Сейчас я прихожу к выводу, что у меня никогда не было столько друзей, сколько тогда. Дверь однокомнатной квартиры практически не закрывалась. Помню, как однажды ночью, где-то часам к четырем, когда уже всё выпили и съели, к тому же и сигареты закончились, на нас напал зверский голод. Холодильник стоял пустой — это были самые голодные девяностые. Мы с двумя друзьями пошли добывать еду (как будто в пустом городе можно застрелить зайца или косулю!). Было темно, пустынно и неуютно, только стаи собак носились по улицам. И вдруг — о чудо! Рядом с ближайшим магазинчиком остановился «ниссан», шофер быстро выгрузил три ящика простокваши и умчался. Вообще мое поколение с детства терпеть не могло простоквашу, потому что нас ею кормили каждое утро. Воровато оглядевшись по сторонам, мы схватили по две баночки, оставили мелочь, сколько было в карманах, и рванули домой. Там нас уже ждали умирающие с голоду. Никогда не забуду этой картины: на столе пустые бутылки и стаканы, перед нами одинаковые металлические мисочки, нам по двадцать, а кому-то даже больше, но мы с блаженной, ангельской улыбкой шумно хлебаем простоквашу. Я не знаю, пьют ли ангелы простоквашу, но нас я запомнил именно такими: невинными и счастливыми, с белыми молочными усами…
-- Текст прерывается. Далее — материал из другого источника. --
(* Let $\beta>1$ and $M\ge1$, and let $$g(\mathbf{p})=\log2-\frac{\beta|\mathbf{p}|^2}{2}+\big\langle\log\cosh(\beta\,\mathbf{s}\cdot\mathbf{p})\big\rangle_{\mathbf{s}},\qquad \mathbf{p}\in\mathbb{R}^M.$$ Then the global maximum of $g$ (equivalently the minimum of the free energy $-g/\beta$) is attained exactly at the two symmetric points $\mathbf{p}=\pm m_0(\beta)\mathbf{1}$.
   Context: $m_0(\beta)$ is the largest nonnegative solution of $m=\tanh(\beta m)$ (positive for $\beta>1$). $\langle\cdot\rangle_{\mathbf{s}}$ is expectation over $\mathbf{s}\in\{-1,1\}^M$ with i.i.d. entries of mean $m_0(\beta)$. *)

From HB Require Import structures.
From mathcomp Require Import all_boot all_order all_algebra.
From mathcomp Require Import all_classical all_reals all_analysis.
Set Implicit Arguments. Unset Strict Implicit. Unset Printing Implicit Defensive.
Import Order.TTheory GRing.Theory Num.Theory.
Local Open Scope ring_scope.

Section Defs.
Variable R : realType.

Definition coshR (x : R) : R := (expR x + expR (- x)) / 2.
Definition tanhR (x : R) : R := (expR x - expR (- x)) / (expR x + expR (- x)).

Definition is_m0 (beta m : R) : Prop :=
  [/\ 0 <= m, m = tanhR (beta * m)
    & forall m', 0 <= m' -> m' = tanhR (beta * m') -> m' <= m].

Definition spin (b : bool) : R := if b then 1 else -1.

(* probability of the configuration s in {-1,1}^M with i.i.d. entries of mean m:
   P(s_i = sigma) = (1 + m sigma)/2 *)
Definition spin_weight (M : nat) (m : R) (s : {ffun 'I_M -> bool}) : R :=
  \prod_(i < M) ((1 + m * spin (s i)) / 2).

Definition spin_avg (M : nat) (m : R) (f : {ffun 'I_M -> bool} -> R) : R :=
  \sum_(s : {ffun 'I_M -> bool}) spin_weight m s * f s.

Definition dot_spin (M : nat) (s : {ffun 'I_M -> bool}) (p : 'rV[R]_M) : R :=
  \sum_(i < M) spin (s i) * p ord0 i.

Definition sqnorm (M : nat) (p : 'rV[R]_M) : R := \sum_(i < M) p ord0 i ^+ 2.

Definition g_fun (M : nat) (beta m : R) (p : 'rV[R]_M) : R :=
  ln 2 - beta * sqnorm p / 2
  + spin_avg m (fun s => ln (coshR (beta * dot_spin s p))).

End Defs.

From HB Require Import structures.
From mathcomp Require Import all_boot all_order all_algebra.
From mathcomp Require Import all_classical all_reals all_analysis.
From mathcomp Require Import ring lra.
Import Order.TTheory GRing.Theory Num.Theory.
Local Open Scope ring_scope.

(* Put h = beta m0, so that m0 = tanh h, and write S(s) = sum_i s_i for the
   total spin.  The product weight of mean m0 is exp (h S(s)) / (2 cosh h)^M,
   and since ln cosh is even the average in g may be taken against its
   flip-symmetrisation q(s) = cosh (h S(s)) / (2 cosh h)^M.
   Gibbs' inequality  sum q ln c <= sum q ln q + ln (sum c), applied to
   c(s) = cosh (beta s.p) with  sum_s c(s) = prod_i 2 cosh (beta p_i),  gives
     g(p) <= ln 2 + sum q ln q + sum_i (ln 2 + phi(p_i)),
     phi(x) = ln cosh (beta x) - beta x^2 / 2,
   with equality iff c is proportional to q.  Since beta > 1, the one-site
   potential phi has its strict maximum exactly at +-m0 (its derivative is
   beta (tanh (beta x) - x), and tanh (beta x) - x is concave on [0, +oo) with
   a unique positive zero, which is m0).  Both bounds are attained at
   p = +-m0 1, so a maximiser has every p_i = +-m0 and c proportional to q;
   comparing c at the all-plus configuration with c at the sign pattern of p
   forces all signs to agree.
   The file develops: hyperbolic functions and their derivatives; the
   one-site analysis; sums over spin configurations; Gibbs' inequality; the
   assembly, ending with the theorem. *)

Section Hyperbolic.
Context {R : realType}.
Implicit Types x y : R.
Lemma edist0_fin_num x : edist0 x \is a fin_num.
Proof.
rewrite ge0_fin_numE; last by apply: esum_ge0 => k _; exact: dist0_term_ge0.
by apply: le_lt_trans (@edist0_le_tail x 0 _) _; rewrite ?ltry.
Qed.

Lemma dX_zeroseqE x : (dX x zeroseq)%:E = edist0 x.
Proof. exact/fineK/edist0_fin_num. Qed.

Lemma dX_zeroseq_le x : (forall k, (`|k| < 3)%N -> x k = false) ->
  dX x zeroseq <= 3%:R / 16%:R :> R.
Proof.
move=> x0; rewrite -lee_fin dX_zeroseqE.
apply: (le_trans (@edist0_le_tail x 3 x0)); rewrite lee_fin -!exprVn !exprS expr0.
lra.
Qed.

Lemma dX_zeroseq_ge x : x 0 = true -> 4%:R^-1 <= dX x zeroseq :> R.
Proof.
move=> x0; rewrite -lee_fin dX_zeroseqE.
apply: esum_ge; exists [set 0]; first by split => //; exact: finite_set1.
by rewrite fsbig_set1 /dist0_term x0 mulr1 lee_fin -exprVn !exprS expr0; lra.
Qed.

End distance_to_zeroseq.

Lemma measurable_coord (k : int) (b : bool) : measurable [set x : X | x k = b].
Proof. by apply: sub_sigma_algebra; exists k, b. Qed.

Lemma measurable_fun_coord (k : int) : measurable_fun setT (fun x : X => x k).
Proof. by apply: (measurable_fun_bool true); rewrite setTI; exact: measurable_coord. Qed.

Lemma measurable_edist0 {R : realType} : measurable_fun setT (@edist0 R).
Proof.
have -> : @edist0 R = ((fun x => \sum_(n <oo) dist0_term x (Posz n)) \+
                       (fun x => \sum_(n <oo) dist0_term x (Negz n)))%E.
  by apply/funext => x; rewrite /edist0 esum_int_split //; exact: dist0_term_ge0.
have mterm k : measurable_fun setT (@dist0_term R ^~ k).
  pose g (b : bool) : \bar R := ((2%:R ^- (`|k|%N + 2)) * (b != zeroseq k)%:R)%:E.
  have mg : measurable_fun setT g by [].
  exact: measurableT_comp mg (measurable_fun_coord k).
apply: emeasurable_funD; apply: ge0_emeasurable_sum => // k x _ _;
  exact: dist0_term_ge0.
Qed.

Definition cyl (F : seq int) (v : int -> bool) : set X :=
  [set x | forall k, k \in F -> x k = v k].

Lemma measurable_cyl F v : measurable (cyl F v).
Proof.
elim: F => [|k F ih].
  by rewrite (_ : cyl [::] v = setT) //; apply/seteqP; split => x //= _ k.
rewrite (_ : cyl (k :: F) v = [set x | x k = v k] `&` cyl F v).
  exact: measurableI (measurable_coord _ _) ih.
apply/seteqP; split => x /= h.
  by split => [|j jF]; apply: h; rewrite inE ?eqxx ?jF ?orbT.
by move=> j; rewrite inE => /orP[/eqP->|]; [case: h|case: h => _; apply].
Qed.

Definition cyl_sets : set (set X) :=
  [set A | A = set0 \/ exists F v, uniq F /\ A = cyl F v].

Lemma measurable_cyl_setsE : @measurable _ X = <<s cyl_sets >>.
Proof.
apply/seteqP; split.
  apply: smallest_sub; first exact: smallest_sigma_algebra.
  move=> _ [k [b ->]]; apply: sub_sigma_algebra; right.
  exists [:: k], (fun _ => b); split => //; apply/seteqP; split => x /=.
    by move=> h j; rewrite inE => /eqP->.
  by apply; rewrite mem_head.
apply: smallest_sub; first exact: sigma_algebra_measurable.
by move=> A [->|[F [v [_ ->]]]]; [exact: measurable0|exact: measurable_cyl].
Qed.

Lemma setI_closed_cyl_sets : setI_closed cyl_sets.
Proof.
move=> A B [->|[F1 [v1 [u1 ->]]]]; first by left; rewrite set0I.
move=> [->|[F2 [v2 [u2 ->]]]]; first by left; rewrite setI0.
have [[k [kF1 kF2 kv]]|nc] :=
  pselect (exists k, [/\ k \in F1, k \in F2 & v1 k != v2 k]).
  left; apply/seteqP; split => x //= [h1 h2].
  by move: kv; rewrite -(h1 _ kF1) -(h2 _ kF2) eqxx.
right; exists (undup (F1 ++ F2)), (fun k => if k \in F1 then v1 k else v2 k).
split; first exact: undup_uniq.
apply/seteqP; split => x /=.
  move=> [h1 h2] k; rewrite mem_undup mem_cat.
  by case: ifP => kF1 /= => [_|]; [exact: h1|exact: h2].
move=> h; split => k kF.
  by have := h k; rewrite mem_undup mem_cat kF /=; apply.
have := h k; rewrite mem_undup mem_cat kF orbT => /(_ isT).
case: ifP => // kF1 ->; apply/eqP; apply: contra_notT nc => nv.
by exists k; split => //; rewrite eq_sym.
Qed.

Lemma measurable_shift : measurable_fun setT Defs.shift.
Proof.
apply: (@measurability _ _ X X setT Defs.shift cylinders) => //.
by move=> _ [_ [k [b ->]] <-]; rewrite setTI; exact: measurable_coord.
Qed.

HB.instance Definition _ := isMeasurableFun.Build _ _ _ _ Defs.shift measurable_shift.

Lemma preimage_shift_cyl F v :
  Defs.shift @^-1` cyl F v = cyl (map (fun k => k + 1) F) (fun j => v (j - 1)).
Proof.
apply/seteqP; split => x /= h.
  by move=> j /mapP[k kF ->]; rewrite addrK; exact: h.
by move=> k kF; have := h (k + 1); rewrite addrK; apply; apply/mapP; exists k.
Qed.

Lemma bernoulli_half_shift_invariant {R : realType} (mu : probability X R) :
  is_bernoulli_half mu ->
  forall A, measurable A -> mu (Defs.shift @^-1` A) = mu A.
Proof.
move=> hb A mA.
apply: (@measure_unique _ R X cyl_sets (fun _ => setT) measurable_cyl_setsE
  setI_closed_cyl_sets _ _ (distribution mu Defs.shift) mu) => //.
- move=> _; right; exists [::], (fun _ => false); split => //.
  by apply/seteqP; split => x //= _ k.
- by apply/seteqP; split => x // _; exists 0%N.
- move=> _ [->|[F [v [uF ->]]]]; first by rewrite !measure0.
  change (mu (Defs.shift @^-1` cyl F v) = mu (cyl F v)).
  rewrite preimage_shift_cyl !hb ?size_map //.
  by rewrite map_inj_uniq // => i j; exact: addIr.
- move=> _; change (mu (Defs.shift @^-1` setT) < +oo)%E.
  by rewrite preimage_setT probability_setT ltry.
Qed.

Definition diag (x : X) : (X * X)%type := (x, x).

Lemma measurable_diag : measurable_fun setT diag.
Proof. exact: measurable_fun_pair. Qed.

HB.instance Definition _ := isMeasurableFun.Build _ _ _ _ diag measurable_diag.

Lemma joining_diag {R : realType} (mu : probability X R) :
  is_bernoulli_half mu -> joining mu (distribution mu diag).
Proof.
move=> hb; split => A mA.
- by change (mu (diag @^-1` (A `*` setT)) = mu A); congr (mu _);
    apply/seteqP; split => x //= [].
- by change (mu (diag @^-1` (setT `*` A)) = mu A); congr (mu _);
    apply/seteqP; split => x //= [].
- change (mu (Defs.shift @^-1` (diag @^-1` A)) = mu (diag @^-1` A)).
  apply: bernoulli_half_shift_invariant => //.
  by rewrite -[X in measurable X]setTI; exact: measurable_diag.
Qed.

Section array_couplings.
Context {R : realType}.
Implicit Types u v : Arr R.

Lemma measurable_arr_dist :
  measurable_fun setT (fun w : (Arr R * Arr R)%type => arr_dist w.1 w.2).
Proof.
apply: (measurableT_comp (continuous_measurable_fun (@sqrt_continuous R))).
apply: measurable_funD; [apply: measurable_funD; [apply: measurable_funD|]|];
  apply: measurable_funX; apply: measurable_funB.
all: by do ![exact: measurable_fst|exact: measurable_snd
  |apply: measurableT_comp measurable_fst _|apply: measurableT_comp measurable_snd _].
Qed.

Lemma arr_dist_ge12 u v : `|u.1.2 - v.1.2| <= arr_dist u v.
Proof.
rewrite /arr_dist -sqrtr_sqr; apply: ler_wsqrtr.
have := sqr_ge0 (u.1.1 - v.1.1); have := sqr_ge0 (u.2.1 - v.2.1);
have := sqr_ge0 (u.2.2 - v.2.2); lra.
Qed.

Lemma arr_dist_ge22 u v : `|u.2.2 - v.2.2| <= arr_dist u v.
Proof.
rewrite /arr_dist -sqrtr_sqr; apply: ler_wsqrtr.
have := sqr_ge0 (u.1.1 - v.1.1); have := sqr_ge0 (u.2.1 - v.2.1);
have := sqr_ge0 (u.1.2 - v.1.2); lra.
Qed.

Lemma coupling_massX_ge {P Q : set (Arr R) -> \bar R} {A B : set (Arr R)}
    (pi : probability (Arr R * Arr R)%type R) :
  measurable A -> measurable B -> coupling P Q pi -> P (~` A) = 0%E ->
  (Q B <= pi (A `*` B))%E.
Proof.
move=> mA mB [cP cQ] PA0.
have mAc : measurable (~` A `*` [set: Arr R]).
  by apply: measurableX => //; exact: measurableC.
rewrite -cQ //.
apply: (le_trans (@le_measure _ _ _ pi _ (A `*` B `|` ~` A `*` setT) _ _ _)).
- by rewrite inE; exact: measurableX.
- by rewrite inE; apply: measurableU => //; exact: measurableX.
- by move=> [u v] [_ Bv]; have [Au|Au] := pselect (A u); [left|right].
apply: (le_trans (measureU2 _ _ mAc)); first exact: measurableX.
rewrite [X in (_ + X)%E](_ : _ = 0%E) ?adde0 //.
by rewrite -PA0; apply: cP; exact: measurableC.
Qed.

Lemma coupling_cost_ge {P Q : set (Arr R) -> \bar R} {A B : set (Arr R)}
    (pi : probability (Arr R * Arr R)%type R) (p delta c : R) :
  measurable A -> measurable B -> 0 <= p -> 0 <= delta ->
  coupling P Q pi -> P (~` A) = 0%E -> (c%:E <= Q B)%E ->
  (forall u v, A u -> B v -> delta <= arr_dist u v) ->
  (((delta `^ p) * c)%:E <= \int[pi]_w ((arr_dist w.1 w.2) `^ p)%:E)%E.
Proof.
move=> mA mB p0 delta0 cpl PA0 cQB gap.
have mAB : measurable (A `*` B) by exact: measurableX.
have mcost := measurableT_comp (measurable_powR p) measurable_arr_dist.
apply: (le_trans _ (measure_le_integral pi (fun w => arr_dist w.1 w.2 `^ p)
  (A `*` B) (delta `^ p) mAB mcost _ (powR_ge0 delta p) _)).
- rewrite EFinM lee_wpmul2l ?lee_fin ?powR_ge0 //.
  exact: (le_trans cQB (coupling_massX_ge pi mA mB cpl PA0)).
- by move=> w; exact: powR_ge0.
- move=> [u v] [/= Au Bv]; apply: ge0_ler_powR => //; rewrite ?nnegrE //.
    exact: (le_trans delta0 (gap _ _ Au Bv)).
  exact: gap.
Qed.

End array_couplings.

Section anchor_distances.
Context {R : realType}.

Definition anchor_dist_eq : set (Arr R) := [set u | u.1.2 = u.2.2].

Definition anchor_dist_gap : set (Arr R) :=
  [set u | u.1.2 <= 3%:R / 16%:R /\ 4%:R^-1 <= u.2.2].

Let measurable_fun_12 : measurable_fun setT (fun u : Arr R => u.1.2).
Proof. exact: measurableT_comp measurable_snd measurable_fst. Qed.

Let measurable_fun_22 : measurable_fun setT (fun u : Arr R => u.2.2).
Proof. exact: measurableT_comp measurable_snd measurable_snd. Qed.

Lemma measurable_anchor_dist_eq : measurable anchor_dist_eq.
Proof.
rewrite (_ : anchor_dist_eq = (fun u : Arr R => u.1.2 == u.2.2) @^-1` [set true]).
  rewrite -[X in measurable X]setTI.
  exact: measurable_fun_eqr measurable_fun_12 measurable_fun_22 _ _ _.
by apply/seteqP; split => u /= /eqP.
Qed.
Вскоре после этого мы расстанемся, охладеем друг к другу, забудем друг о друге, бунтари успокоятся и займут ассистентские места в университете, заклятые холостяки и отчаянные гуляки пойдут толкать детские коляски и усядутся перед телевизором, а длинноволосые хиппи станут постоянными клиентами местной парикмахерской. Попугай Печорин однажды утром чуть не умер, отчего Эмма Бовари принялась истошно вопить и неистово метаться по клетке. Она не смогла бы прожить без него и недели. Со своей девушкой Эммой (да, ее тоже так звали!) я расстался спустя несколько месяцев. Никто из нас и не подумал умереть с горя. Я начал писать первый роман, чтобы было куда возвращаться, когда становилось тошно. Роман о бездомных.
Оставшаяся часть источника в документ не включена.